The question remains whether it can actually do so. Iran does not possess a navy with large warships, which in any case would be unable to counter the US naval presence already strongly established in the area. However, the Islamic Revolutionary Guard Corps (IRGC) operates an extensive fleet of small fast-attack boats, missile catamaran corvettes, and midget submarines. Over the past three years, Iran has commissioned hundreds of new vessels, including four missile catamaran corvettes designed for high-seas operations. Iranian tactics for a potential closure would likely involve naval mines, historically one of the most immediate means of halting or slowing maritime traffic through the strait. Iran could also deploy land-based cruise and ballistic missiles, as well as kamikaze drones. Electronic warfare should not be overlooked either, including satellite signal jamming, which could lead to serious accidents.
The consequences of a closure—or even a mere reduction or delay in maritime traffic—would be severe, particularly for Europe. The Strait of Hormuz is considered the "world's most significant oil transit chokepoint" according to the US Energy Information Administration. Every day, around 20 to 21 million barrels of oil pass through it, equivalent to 20 percent of global consumption. Reliance on this passage varies among oil-producing countries, with Kuwait sending all its exports through the strait, followed by Iraq at 95 percent and the United Arab Emirates at 85 percent.
Unlike the Red Sea, which offers the alternative of circumnavigating Africa, the Persian Gulf route through the Strait of Hormuz has no maritime alternatives. While there are land-based pipeline options in the event of a closure, their capacity is limited compared to maritime volumes. Saudi Arabia operates the Petroline (also known as the East-West Pipeline), which runs across the country from the Abqaiq facility to the Red Sea and has a nominal capacity of around 4.8 million barrels per day. It is currently underutilised, with a spare capacity of approximately 2.8 million barrels per day. The United Arab Emirates runs the Abu Dhabi Crude Oil Pipeline, capable of transporting 1.5 million barrels per day, linking Abu Dhabi’s onshore oil fields to the port of Fujairah on the Gulf of Oman, allowing crude oil shipments to bypass the Strait of Hormuz. The government has planned to increase this capacity to 1.8 million barrels per day in the near future.
Analysts predict a wide range of scenarios regarding oil prices, depending on the duration and extent of any potential closure. Deutsche Bank estimates that a total shutdown disrupting 21 million barrels per day for two months could push oil prices beyond 120 dollars per barrel. Rabobank suggests prices could even spike to 150 dollars per barrel, recalling that Brent briefly reached 139 dollars in 2022 following Russia’s invasion of Ukraine.
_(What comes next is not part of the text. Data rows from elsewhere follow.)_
Lemma generated_inverse (f : nat -> nat) : generated f ->
  exists f', generated f' /\ (forall x, f' (f x) = x) /\ (forall x, f (f' x) = x).
Proof.
  induction 1 as [|g f Hg _ [f' [Hf' [E1 E2]]]|f _ [f' [Hf' [E1 E2]]]].
  - exists (fun x => x). repeat split; constructor.
  - destruct (proj2 (proj2 (proj2 (proj1 HG))) g Hg) as [g' [Hg' [F1 F2]]].
    exists (fun x => f' (g' x)). repeat split.
    + exact (generated_comp _ _ Hf' (generated_G g' _ Hg' generated_id)).
    + intros x. now rewrite F1, E1.
    + intros x. now rewrite E2, F2.
  - exists (fun x => f' (h x)). repeat split.
    + exact (generated_comp _ _ Hf' (generated_h _ generated_id)).
    + intros x. now rewrite Hinv, E1.
    + intros x. now rewrite E2, Hinv.
Qed.

Lemma generated_normal_form (f : nat -> nat) : generated f ->
  exists g0 ps, G g0 /\ Forall G ps /\ forall x, f x = g0 (hword ps x).
Proof.
  pose proof HG as [[_ [Hid [Hcomp _]]] _].
  induction 1 as [|g f Hg _ [g0 [ps [Hg0 [Hps E]]]]|f _ [g0 [ps [Hg0 [Hps E]]]]].
  - exists (fun x => x), []. repeat split; auto.
  - exists (fun x => g (g0 x)), ps. split; [auto|split; [exact Hps|]].
    intros x. now rewrite E.
  - exists (fun x => x), (g0 :: ps). repeat split; auto. intros x. simpl. now rewrite E.
Qed.

Lemma generated_cofinitary_group : cofinitary_group generated.
Proof.
  split; [split; [|split; [|split]]|].
  - intros f Hf. destruct (generated_inverse f Hf) as [f' [_ [E1 E2]]].
    exists f'. split; assumption.
  - exact generated_id.
  - exact generated_comp.
  - exact generated_inverse.
  - intros f Hf. destruct (generated_normal_form f Hf) as [g0 [ps [Hg0 [Hps E]]]].
    apply (cofinitary_ext (fun x => g0 (hword ps x))); [intros x; now rewrite E|].
    exact (hword_cofinitary ps Hps g0 Hg0).
Qed.

End Extension.

(* A maximal cofinitary group admits no shifting involution, since the
   involution would lie in G while changing a G-invariant rank. *)
Lemma no_shifting_involution (G : (nat -> nat) -> Prop) (h rank : nat -> nat) :
  maximal_cofinitary_group G -> ~ shifting_involution G h rank.
Proof.
  intros [HG Hmax] Hh.
  assert (HGh : G h).
  { apply (Hmax (generated G h) (generated_cofinitary_group G h rank HG Hh)).
    - intros g Hg. exact (generated_G G h g _ Hg (generated_id G h)).
    - exact (generated_h G h _ (generated_id G h)). }
  apply (h_moves_rank G h rank Hh 0), (rank_invariant G h rank Hh), HGh.
Qed.
Definition infinite_set (P : nat -> Prop) : Prop := forall N, exists x, N <= x /\ P x.

(* count_below P n = number of y < n with P y; it enumerates an infinite
   set P in increasing order. *)
Fixpoint count_below (P : nat -> Prop) (n : nat) : nat :=
  match n with
  | 0 => 0
  | S n => count_below P n + (if excluded_middle_informative (P n) then 1 else 0)
  end.

Lemma count_below_le (P : nat -> Prop) (n : nat) : count_below P n <= n.
Proof. induction n; simpl; [lia|]. destruct excluded_middle_informative; lia. Qed.

Lemma count_below_mono (P : nat -> Prop) (m n : nat) :
  m <= n -> count_below P m <= count_below P n.
Proof. induction 1; simpl; [|destruct excluded_middle_informative]; lia. Qed.

Lemma count_below_inj (P : nat -> Prop) (x y : nat) :
  P x -> P y -> count_below P x = count_below P y -> x = y.
Proof.
  assert (Hlt : forall u v, P u -> u < v -> count_below P u < count_below P v).
  { intros u v Hu Huv. pose proof (count_below_mono P (S u) v Huv) as Hm. simpl in Hm.
    destruct excluded_middle_informative; [lia|contradiction]. }
  intros Hx Hy E. destruct (Nat.lt_trichotomy x y) as [L|[Exy|L]]; auto.
  - specialize (Hlt x y Hx L). lia.
  - specialize (Hlt y x Hy L). lia.
Qed.

Lemma count_below_surj (P : nat -> Prop) :
  infinite_set P -> forall k, exists x, P x /\ count_below P x = k.
Proof.
  intros Hinf k.
  assert (Hhit : forall m, k < count_below P m -> exists x, P x /\ count_below P x = k).
  { induction m as [|m IH]; simpl; intros Hk; [lia|].
    destruct (Nat.lt_ge_cases k (count_below P m)) as [L|L]; [exact (IH L)|].
    destruct excluded_middle_informative as [Pm|]; [|lia].
    exists m. split; [exact Pm|lia]. }
  assert (Hunbounded : forall j, exists m, j <= count_below P m).
  { induction j as [|j [m Hm]]; [exists 0; lia|].
    destruct (Hinf m) as [x [Hx Px]]. exists (S x). simpl.
    destruct excluded_middle_informative; [|contradiction].
    pose proof (count_below_mono P m x Hx). lia. }
  destruct (Hunbounded (S k)) as [m Hm]. apply (Hhit m). lia.
Qed.

Lemma exists_least (P : nat -> Prop) :
  (exists n, P n) -> exists n, P n /\ forall y, y < n -> ~ P y.
Proof.
  intros [n Hn]. induction n as [n IH] using lt_wf_ind.
  destruct (classic (exists y, y < n /\ P y)) as [[y [Hy Py]]|Hno].
  - exact (IH y Hy Py).
  - exists n. split; [exact Hn|]. intros y Hy Py. apply Hno. eauto.
Qed.

Section Orbits.

Variable G : (nat -> nat) -> Prop.
Hypothesis HG : is_subgroup_Sym G.

Lemma orbit_refl (x : nat) : same_orbit G x x.
Proof. exists (fun n => n). split; [apply HG|reflexivity]. Qed.

Lemma orbit_sym (x y : nat) : same_orbit G x y -> same_orbit G y x.
Proof.
  intros [g [Hg <-]]. destruct (proj2 (proj2 (proj2 HG)) g Hg) as [g' [Hg' [E _]]].
  exists g'. split; [exact Hg'|apply E].
Qed.

Lemma orbit_trans (x y z : nat) :
  same_orbit G x y -> same_orbit G y z -> same_orbit G x z.
Proof.
  intros [g [Hg <-]] [g' [Hg' <-]].
  exists (fun n => g' (g n)). split; [apply HG; assumption|reflexivity].
Qed.

Definition orbit_rep (r : nat) : Prop := forall y, y < r -> ~ same_orbit G y r.

Lemma orbit_rep_unique (r r' : nat) :
  orbit_rep r -> orbit_rep r' -> same_orbit G r r' -> r = r'.
Proof.
  intros Hr Hr' Hrr'. destruct (Nat.lt_trichotomy r r') as [L|[E|L]]; auto; exfalso.
  - exact (Hr' r L Hrr').
  - exact (Hr r' L (orbit_sym r r' Hrr')).
Qed.

Lemma orbit_has_rep (x : nat) : exists r, orbit_rep r /\ same_orbit G r x.
Proof.
  destruct (exists_least (fun r => same_orbit G r x)) as [r [Hrx Hleast]].
  - exists x. apply orbit_refl.
  - exists r. split; [|exact Hrx].
    intros y Hy Hyr. exact (Hleast y Hy (orbit_trans y r x Hyr Hrx)).
Qed.

Lemma orbit_reps_infinite : ~ finitely_many_orbits G -> infinite_set orbit_rep.
Proof.
  intros Hno N. apply NNPP. intros Hbounded. apply Hno.
  exists (seq 0 N). intros n. destruct (orbit_has_rep n) as [r [Hr Hrn]].
  exists r. split; [|exact Hrn]. apply in_seq.
  destruct (Nat.lt_ge_cases r N); [lia|]. exfalso. apply Hbounded. eauto.
Qed.

(* A G-invariant colouring with infinitely many points of each colour:
   colour the k-th orbit by the first Cantor coordinate of k. *)
Lemma orbit_coloring : ~ finitely_many_orbits G ->
  exists c : nat -> nat, (forall g x, G g -> c (g x) = c x) /\
                         (forall k, infinite_set (fun x => c x = k)).
Proof.
  intros Hno.
  pose (o := fun x => proj1_sig (constructive_indefinite_description _ (orbit_has_rep x))).
  assert (Ho : forall x, orbit_rep (o x) /\ same_orbit G (o x) x)
    by (intros x; exact (proj2_sig (constructive_indefinite_description _ (orbit_has_rep x)))).
  assert (Ho_orbit : forall x y, same_orbit G x y -> o x = o y).
  { intros x y Hxy. apply orbit_rep_unique; [apply Ho|apply Ho|].
    apply (orbit_trans _ x); [apply Ho|].
    apply (orbit_trans _ y); [exact Hxy|apply orbit_sym, Ho]. }
  exists (fun x => fst (of_nat (count_below orbit_rep (o x)))). split.
  - intros g x Hg. rewrite (Ho_orbit (g x) x); [reflexivity|].
    apply orbit_sym. exists g. split; auto.
  - intros k N.
    destruct (count_below_surj _ (orbit_reps_infinite Hno) (to_nat (k, N))) as [r [Hr Er]].
    exists r. split.
    + pose proof (count_below_le orbit_rep r). pose proof (to_nat_non_decreasing k N). lia.
    + assert (Eo : o r = r) by (apply orbit_rep_unique; [apply Ho|exact Hr|apply Ho]).
      simpl. now rewrite Eo, Er, cancel_of_to.
Qed.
But it’s not just oil that flows through Hormuz. Liquefied natural gas (LNG) is even more vulnerable, as 20 percent of global LNG trade passes through the strait, including all exports from Qatar, the world’s second-largest LNG exporter. Eighty percent of these volumes are destined for Asia, while Europe receives about 20 percent, meaning any disruption would intensify competition between regions. Qatar has already taken precautions, instructing LNG vessels to wait outside the Strait of Hormuz until they are ready to load. This decision reflects the level of concern among major energy exporters.
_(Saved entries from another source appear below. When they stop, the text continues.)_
Lemma harmonic_oscillator_solution (z y w : R -> R) (a T : R) :
  (forall t, is_derive z t (y t)) -> (forall t, is_derive y t (w t)) -> z 0 = 0 ->
  (forall t, 0 <= t <= T -> w t = - a ^ 2 * z t) ->
  forall t, 0 <= t <= T -> a * z t = y 0 * sin (a * t).
Proof.
  intros Hz Hy Hz0 Hw.
  (* [P] and [Q] are first integrals of [z'' = - a^2 z]. *)
  set (P := fun t => y t * sin (a * t) - a * z t * cos (a * t)).
  set (Q := fun t => y t * cos (a * t) + a * z t * sin (a * t)).
  assert (HP : forall t, is_derive P t ((w t + a ^ 2 * z t) * sin (a * t))).
  { intros t. unfold P. auto_derive.
    - repeat split; [exists (w t) | exists (y t)]; auto.
    - rewrite (is_derive_unique (fun s : R => y s) t (w t)), (is_derive_unique (fun s : R => z s) t (y t))
        by auto.
      ring. }
  assert (HQ : forall t, is_derive Q t ((w t + a ^ 2 * z t) * cos (a * t))).
  { intros t. unfold Q. auto_derive.
    - repeat split; [exists (w t) | exists (y t)]; auto.
    - rewrite (is_derive_unique (fun s : R => y s) t (w t)), (is_derive_unique (fun s : R => z s) t (y t))
        by auto.
      ring. }
  assert (Hcst : forall t, 0 <= t <= T -> P t = P 0 /\ Q t = Q 0).
  { intros t Ht. split; [apply (const_of_is_derive_0 P _ 0 T HP) | apply (const_of_is_derive_0 Q _ 0 T HQ)];
      auto; intros s Hs; rewrite Hw by auto; ring. }
  intros t Ht. destruct (Hcst t Ht) as [HPt HQt].
  assert (Hsc := sin2_cos2 (a * t)). unfold Rsqr in Hsc.
  assert (HQP : a * z t = Q t * sin (a * t) - P t * cos (a * t)).
  { transitivity (a * z t * (sin (a * t) * sin (a * t) + cos (a * t) * cos (a * t))).
    - rewrite Hsc; ring.
    - unfold P, Q; ring. }
  rewrite HQP, HPt, HQt. unfold P, Q. rewrite Hz0, Rmult_0_r, sin_0, cos_0. ring.
Qed.

Definition mean_pos (T : R) (v : R -> R) : R := / T * RInt (Defs.pos v) 0 T.

Definition dev (T : R) (v : R -> R) (t : R) : R := Defs.pos v t - mean_pos T v.

Definition dev_prim (T : R) (v : R -> R) (t : R) : R := RInt (dev T v) 0 t.

Lemma SpVar_dev (T : R) (v : R -> R) :
  SpVar T v = / T * RInt (fun t => dev T v t ^ 2) 0 T.
Proof. reflexivity. Qed.

Lemma dev_prim_0 (T : R) (v : R -> R) : dev_prim T v 0 = 0.
Proof. apply (RInt_point (V := R_CompleteNormedModule)). Qed.

(* Expanding the square of this remainder and integrating [dev_prim * w] by parts reduces
   Wirtinger's inequality for the mean-zero [dev] to its Dirichlet form for [dev_prim]. *)
Definition Wirtinger_remainder (T : R) (w : R -> R) (t : R) : R :=
  PI / T * dev_prim T w t + w t / (PI / T).

Section Deviation.

Variables (T : R) (w : R -> R).
Hypothesis HT : 0 < T.
Hypothesis Hw : forall t, continuous w t.

Lemma is_derive_pos (t : R) : is_derive (Defs.pos w) t (w t).
Proof.
  apply (is_derive_RInt w (Defs.pos w) 0 t); auto.
  apply filter_forall. intros s.
  apply (RInt_correct (V := R_CompleteNormedModule)), ex_RInt_of_continuous, Hw.
Qed.

Lemma is_derive_dev (t : R) : is_derive (dev T w) t (w t).
Proof.
  unfold dev. replace (w t) with (w t - 0) by ring.
  apply (is_derive_minus (Defs.pos w) (fun _ => mean_pos T w)).
  - apply is_derive_pos.
  - apply (is_derive_const (K := R_AbsRing) (V := R_NormedModule)).
Qed.

Lemma continuous_dev (t : R) : continuous (dev T w) t.
Proof. eapply continuous_of_is_derive, is_derive_dev. Qed.

Lemma is_derive_dev_prim (t : R) : is_derive (dev_prim T w) t (dev T w t).
Proof.
  apply (is_derive_RInt (dev T w) (dev_prim T w) 0 t); [|apply continuous_dev].
  apply filter_forall. intros s.
  apply (RInt_correct (V := R_CompleteNormedModule)), ex_RInt_of_continuous, continuous_dev.
Qed.

Lemma continuous_dev_prim (t : R) : continuous (dev_prim T w) t.
Proof. eapply continuous_of_is_derive, is_derive_dev_prim. Qed.

Lemma dev_prim_T : dev_prim T w T = 0.
Proof.
  unfold dev_prim, dev, mean_pos.
  rewrite RInt_Rminus, RInt_const.
  - unfold scal; simpl; unfold mult; simpl. field. lra.
  - apply ex_RInt_of_continuous. intros t. eapply continuous_of_is_derive, is_derive_pos.
  - apply ex_RInt_const.
Qed.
There is also the matter of non-energy goods. Ports in the Persian Gulf, such as Jebel Ali and Khor Fakkan, have become significant global transshipment hubs, with feeder services extending into the Persian Gulf, South Asia and East Africa. A considerable portion of cargo from these ports is bound for Dubai, which has established itself as a key transshipment centre linking large container ships to smaller feeder vessels operating across a vast region from the Persian Gulf to South Asia and East Africa. Disruption or delays in this supply chain would have knock-on effects across a wide area, causing logistical breakdowns and port congestion.
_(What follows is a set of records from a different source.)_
(* Let $N\ge1$ be an integer and $0<y<1$. Define $\eta\in\mathbb{R}$ by $-\tfrac12\eta^2=\ln[4y(1-y)]$ with $\operatorname{sign}(\eta)=\operatorname{sign}(\tfrac12-y)$ (and $\eta=0$ if $y=\tfrac12$). Then $$I_{1-y}(N,N)=\sqrt{\frac{N}{2\pi}}\;\Phi(N)\int_{-\infty}^{\eta}e^{-\frac12 N\zeta^2}\,\phi(\zeta)\,d\zeta,$$ where $$\Phi(N)=\frac{1}{\sqrt N}\,\frac{\Gamma(N+\tfrac12)}{\Gamma(N)},\qquad \phi(\zeta)=\sqrt{\frac{\tfrac12\zeta^2}{1-\exp(-\tfrac12\zeta^2)}}\ \ (\phi(0)=1),$$ the square root being positive.
   Context: $I_x(a,b)=\frac{1}{B(a,b)}\int_0^x t^{a-1}(1-t)^{b-1}dt$ is the regularized incomplete beta function, $B(a,b)=\Gamma(a)\Gamma(b)/\Gamma(a+b)$. *)

From Stdlib Require Import Reals.
From Coquelicot Require Import Coquelicot.
Open Scope R_scope.

Definition Gamma (s : R) : R :=
  RInt_gen (fun t => Rpower t (s - 1) * exp (- t)) (at_right 0) (Rbar_locally p_infty).

Definition Beta (a b : R) : R := Gamma a * Gamma b / Gamma (a + b).

Definition incBeta (x a b : R) : R :=
  / Beta a b *
  RInt_gen (fun t => Rpower t (a - 1) * Rpower (1 - t) (b - 1)) (at_right 0) (at_point x).

Definition PhiN (N : R) : R := / sqrt N * (Gamma (N + /2) / Gamma N).

Definition phi (z : R) : R :=
  if Req_EM_T z 0 then 1
  else sqrt ((/2 * z ^ 2) / (1 - exp (- (/2 * z ^ 2)))).

(* The map [tpoint] inverts the relation between [eta] and [1 - y] in the statement; with
   [t = tpoint zeta] it satisfies [t (1 - t) = exp (- zeta^2 / 2) / 4] and
   [dt / dzeta = sqrt 2 * phi zeta * exp (- zeta^2 / 2) / 4], and it sends [-oo] to 0.
   It therefore carries [(t (1 - t))^(N-1) dt] to [sqrt 2 / 4^N * exp (- N zeta^2 / 2) phi zeta dzeta],
   so the eta integral equals [4^N / sqrt 2] times the incomplete beta integral up to 1 - y.
   What remains are the constants: [Gamma N = (N-1)!] by integrating by parts, and
   [Gamma (N + 1/2) = (2N)! sqrt pi / (4^N N!)] from the Gaussian integral, computed by the
   classical trick of differentiating [(int_0^x e^(-u^2))^2 + int_0^1 e^(-x^2 (1+t^2)) / (1+t^2) dt]. *)

From Stdlib Require Import Reals Lra Lia Factorial.
From Coquelicot Require Import Coquelicot.
Open Scope R_scope.

(** * Integrals from antiderivatives *)

(* Library lemmas specialised to real functions, where [apply] cannot infer
   the normed-module structure by itself. *)
Lemma ex_derive_continuous_R (f : R -> R) x : ex_derive f x -> continuous f x.
Proof. exact (ex_derive_continuous (K := R_AbsRing) (V := R_NormedModule) f x). Qed.

Lemma ex_RInt_continuous_R (f : R -> R) a b :
  (forall x, Rmin a b <= x <= Rmax a b -> continuous f x) -> ex_RInt f a b.
Proof. exact (ex_RInt_continuous (V := R_CompleteNormedModule) f a b). Qed.

(* Equations produced by Coquelicot often live in a structure whose carrier is
   only convertible to [R], which [ring] and [field] do not see through. *)
Ltac R_eq := match goal with |- ?a = ?b => change (@eq R a b) end.

Lemma is_RInt_gen_antiderivative {Fa Fb : (R -> Prop) -> Prop}
  {FFa : Filter Fa} {FFb : Filter Fb} (f G : R -> R) (la lb : R) :
  filter_prod Fa Fb (fun ab => is_RInt f (fst ab) (snd ab) (G (snd ab) - G (fst ab))) ->
  filterlim G Fa (locally la) -> filterlim G Fb (locally lb) ->
  is_RInt_gen f Fa Fb (lb - la).
Proof.
  intros HI Ha Hb P HP.
  assert (Hlim : filterlim (fun ab : R * R => G (snd ab) - G (fst ab))
                   (filter_prod Fa Fb) (locally (lb - la))).
  { apply (filterlim_comp_2 (G := locally lb) (H := locally (opp la))
      (fun ab : R * R => G (snd ab)) (fun ab => opp (G (fst ab))) plus).
    - exact (filterlim_comp _ _ _ _ _ _ _ _ filterlim_snd Hb).
    - apply (filterlim_comp _ _ _ (fun ab : R * R => G (fst ab)) opp _ (locally la)).
      + exact (filterlim_comp _ _ _ _ _ _ _ _ filterlim_fst Ha).
      + apply (filterlim_opp (V := R_NormedModule)).
    - apply (filterlim_plus lb (opp la)). }
  assert (HPlim : filter_prod Fa Fb (fun ab : R * R => P (G (snd ab) - G (fst ab))))
    by exact (Hlim P HP).
  unfold filtermapi. generalize (filter_and _ _ HI HPlim).
  apply filter_imp. intros [a b] [Hab HPab].
  now exists (G b - G a).
Qed.

(* [g] is extended continuously outside [[a, b]] by clamping; its primitive minus
   [G] then has zero derivative inside, hence is constant by the mean value theorem. *)
Lemma is_RInt_derive_interior (G g : R -> R) (a b : R) : a <= b ->
  (forall x, a <= x <= b -> continuous G x) ->
  (forall x, a < x < b -> is_derive G x (g x)) ->
  (forall x, a <= x <= b -> continuous g x) ->
  is_RInt g a b (G b - G a).
Proof.
  intros Hab HG Hd Hg.
  set (clamp x := (Rabs (x - a) - Rabs (x - b) + a + b) / 2).
  assert (clamp_in : forall x, a <= clamp x <= b).
  { intros x; unfold clamp, Rabs; repeat destruct Rcase_abs; lra. }
  assert (clamp_id : forall x, a <= x <= b -> clamp x = x).
  { intros x Hx; unfold clamp, Rabs; repeat destruct Rcase_abs; lra. }
  set (gc x := g (clamp x)).
  assert (gc_cont : forall x, continuous gc x).
  { intros x. apply (continuous_comp clamp g); [|apply Hg, clamp_in].
    apply continuity_pt_filterlim. unfold clamp. reg. }
  set (F x := RInt gc a x).
  assert (HF : forall x, is_RInt gc a x (F x)).
  { intros x. apply (RInt_correct gc a x), ex_RInt_continuous_R. intros; apply gc_cont. }
  assert (HFd : forall x, is_derive F x (gc x)).
  { intros x. apply (is_derive_RInt gc F a); [apply filter_forall, HF | apply gc_cont]. }
  destruct (MVT_gen (fun x => F x - G x) a b (fun _ => 0)) as [c [_ Heq]];
    rewrite ?Rmin_left, ?Rmax_right by lra.
  - intros x Hx. replace 0 with (gc x - g x) by (unfold gc; rewrite clamp_id; lra).
    apply (is_derive_minus F G); [apply HFd | apply Hd; lra].
  - intros x Hx. apply continuity_pt_filterlim, (continuous_minus F G); [|apply HG; lra].
    apply ex_derive_continuous_R. eexists. apply HFd.
  - assert (F a = 0) by apply (RInt_point a gc).
    apply (is_RInt_ext gc).
    { intros x Hx. unfold gc. rewrite clamp_id; [reflexivity|].
      rewrite Rmin_left, Rmax_right in Hx; lra. }
    replace (G b - G a) with (F b) by lra. apply HF.
Qed.

Lemma is_RInt_derive_punctured (G g : R -> R) (c : R) :
  (forall x, continuous G x) ->
  (forall x, x <> c -> is_derive G x (g x)) ->
  (forall x, continuous g x) ->
  forall a b, is_RInt g a b (G b - G a).
Proof.
  intros HG Hd Hg.
  assert (Hle : forall a b, a <= b -> is_RInt g a b (G b - G a)).
  { intros a b Hab.
    assert (Hside : forall u v, u <= v -> (v <= c \/ c <= u) -> is_RInt g u v (G v - G u)).
    { intros u v Huv Hc. apply is_RInt_derive_interior; auto.
      intros x Hx. apply Hd. lra. }
    destruct (Rle_dec b c); [apply Hside; lra|].
    destruct (Rle_dec c a); [apply Hside; lra|].
    replace (G b - G a) with (plus (G c - G a) (G b - G c)) by (cbn; ring).
    apply (is_RInt_Chasles g a c b); apply Hside; lra. }
  intros a b. destruct (Rle_dec a b) as [Hab|Hab]; [now apply Hle|].
  replace (G b - G a) with (opp (G a - G b)) by (cbn; ring).
  apply (is_RInt_swap g a b), Hle. lra.
Qed.

Section Primitive.

Variable f : R -> R.
Hypothesis f_cont : forall x, continuous f x.

Lemma is_derive_primitive x : is_derive (fun x => RInt f 0 x) x (f x).
Proof.
  apply (is_derive_RInt f (fun x => RInt f 0 x) 0); [|apply f_cont].
  apply filter_forall. intros y.
  apply (RInt_correct f 0 y), ex_RInt_continuous_R. intros; apply f_cont.
Qed.

Lemma continuous_primitive x : continuous (fun x => RInt f 0 x) x.
Proof. apply ex_derive_continuous_R. eexists. apply is_derive_primitive. Qed.

Lemma is_RInt_primitive a b : is_RInt f a b (RInt f 0 b - RInt f 0 a).
Proof.
  apply (is_RInt_derive (V := R_CompleteNormedModule) (fun x => RInt f 0 x)).
  - intros; apply is_derive_primitive.
  - intros; apply f_cont.
Qed.

Lemma RInt_derive_eq (G : R -> R) :
  (forall x, is_derive G x (f x)) -> forall a b, RInt f a b = G b - G a.
Proof.
  intros HG a b. apply is_RInt_unique.
  apply (is_RInt_derive (V := R_CompleteNormedModule) G).
  - intros; apply HG.
  - intros; apply f_cont.
Qed.

End Primitive.

Lemma primitive_0 (f : R -> R) : RInt f 0 0 = 0.
Proof. apply (RInt_point 0 f). Qed.

Lemma is_RInt_gen_right0_p_infty (f H : R -> R) (l : R) :
  (forall a b, 0 < a -> 0 < b -> is_RInt f a b (H b - H a)) ->
  continuous H 0 -> is_lim H p_infty l ->
  is_RInt_gen f (at_right 0) (Rbar_locally p_infty) (l - H 0).
Proof.
  intros HI H0 Hl. apply (is_RInt_gen_antiderivative f H); [| |exact Hl].
  apply Filter_prod with (fun a => 0 < a) (fun b => 0 < b).
  - exact (filter_forall _ (fun a Ha => Ha)).
  - now exists 0.
  - intros a b Ha Hb. now apply HI.
  - eapply filterlim_filter_le_1; [apply filter_le_within|exact H0].
Qed.

(** * Gaussian and exponential moments *)

Lemma exp_mul_INR x n : exp (INR n * x) = exp x ^ n.
Proof.
  induction n as [|n IHn]; simpl pow.
  - now rewrite Rmult_0_l, exp_0.
  - now rewrite S_INR, Rmult_plus_distr_r, Rmult_1_l, exp_plus, IHn, Rmult_comm.
Qed.

Lemma is_lim_p_infty_0_of_bound (h : R -> R) (C : R) :
  (forall x, 1 <= x -> Rabs (h x) <= C / x) -> is_lim h p_infty 0.
Proof.
  intros Hb. apply filterlim_locally. intros [eps Heps].
  exists (Rmax 1 (Rabs C / eps)). intros x Hx.
  assert (H1 : 1 < x) by (eapply Rle_lt_trans; [apply Rmax_l|exact Hx]).
  assert (H2 : Rabs C / eps < x) by (eapply Rle_lt_trans; [apply Rmax_r|exact Hx]).
  change (Rabs (h x - 0) < eps). rewrite Rminus_0_r.
  apply (Rle_lt_trans _ (C / x)); [now apply Hb; lra|].
  apply Rmult_lt_reg_r with x; [lra|]. unfold Rdiv. rewrite Rmult_assoc, Rinv_l, Rmult_1_r by lra.
  apply Rmult_lt_compat_r with (r := eps) in H2; [|lra].
  unfold Rdiv in H2. rewrite Rmult_assoc, Rinv_l, Rmult_1_r in H2 by lra.
  pose proof (Rle_abs C). lra.
Qed.

Lemma pow_mul_exp_opp_le (y : R) (k : nat) : 0 <= y -> y ^ k * exp (- y) <= INR (fact k).
Proof.
  intros Hy.
  assert (Hterm : y ^ k / INR (fact k) <= exp y).
  { apply (Rle_trans _ (sum_f_R0 (fun j => y ^ j / INR (fact j)) k)); [|now apply exp_ge_taylor].
    destruct k as [|k]; cbn [sum_f_R0]; [apply Rle_refl|].
    assert (0 <= sum_f_R0 (fun j => y ^ j / INR (fact j)) k); [|lra].
    apply cond_pos_sum. intros j. apply Rmult_le_pos; [now apply pow_le|].
    apply Rlt_le, Rinv_0_lt_compat, INR_fact_lt_0. }
  pose proof (INR_fact_lt_0 k). pose proof (exp_pos y).
  rewrite exp_Ropp. unfold Rdiv in Hterm.
  apply Rmult_le_reg_r with (exp y); [lra|].
  rewrite Rmult_assoc, Rinv_l, Rmult_1_r by lra.
  apply Rmult_le_reg_r with (/ INR (fact k)); [now apply Rinv_0_lt_compat|].
  rewrite (Rmult_comm (INR _)), Rmult_assoc, Rinv_r, Rmult_1_r by lra. lra.
Qed.

Lemma is_lim_pow_mul_exp_opp (k : nat) : is_lim (fun x => x ^ k * exp (- x)) p_infty 0.
Proof.
  apply is_lim_p_infty_0_of_bound with (INR (fact (S k))). intros x Hx.
  rewrite Rabs_right by (apply Rle_ge, Rmult_le_pos; [apply pow_le; lra|apply Rlt_le, exp_pos]).
  replace (x ^ k * exp (- x)) with (x ^ S k * exp (- x) / x) by (simpl; field; lra).
  apply Rmult_le_compat_r; [apply Rlt_le, Rinv_0_lt_compat; lra|].
  apply pow_mul_exp_opp_le. lra.
Qed.

Lemma is_lim_pow_mul_gaussian (k : nat) :
  is_lim (fun x => x ^ (2 * k + 1) * exp (- (x ^ 2))) p_infty 0.
Proof.
  apply is_lim_p_infty_0_of_bound with (INR (fact (S k))). intros x Hx.
  rewrite Rabs_right by (apply Rle_ge, Rmult_le_pos; [apply pow_le; lra|apply Rlt_le, exp_pos]).
  replace (x ^ (2 * k + 1) * exp (- (x ^ 2))) with ((x ^ 2) ^ S k * exp (- (x ^ 2)) / x)
    by (rewrite <- pow_mult; replace (2 * S k)%nat with (S (2 * k + 1)) by lia; simpl; field; lra).
  apply Rmult_le_compat_r; [apply Rlt_le, Rinv_0_lt_compat; lra|].
  apply pow_mul_exp_opp_le. apply pow2_ge_0.
Qed.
The maritime insurance sector has been quick to respond, with premiums already rising for ships transiting Hormuz. According to Marsh McLennan, the world’s largest insurance broker, hull and machinery insurance costs for vessels operating in the region have risen from 0.125 percent to 0.2 percent of the ship’s value, an increase of over 60 percent. This means insuring a 100 million dollar ship now costs around 200,000 dollars, up from the previous 125,000 dollars. War risk premiums for Red Sea transits have also climbed, while coverage for Israeli ports has tripled to 0.7 percent. Additionally, the validity period of insurance quotes has been halved from 48 hours to 24, signalling the growing volatility of the market.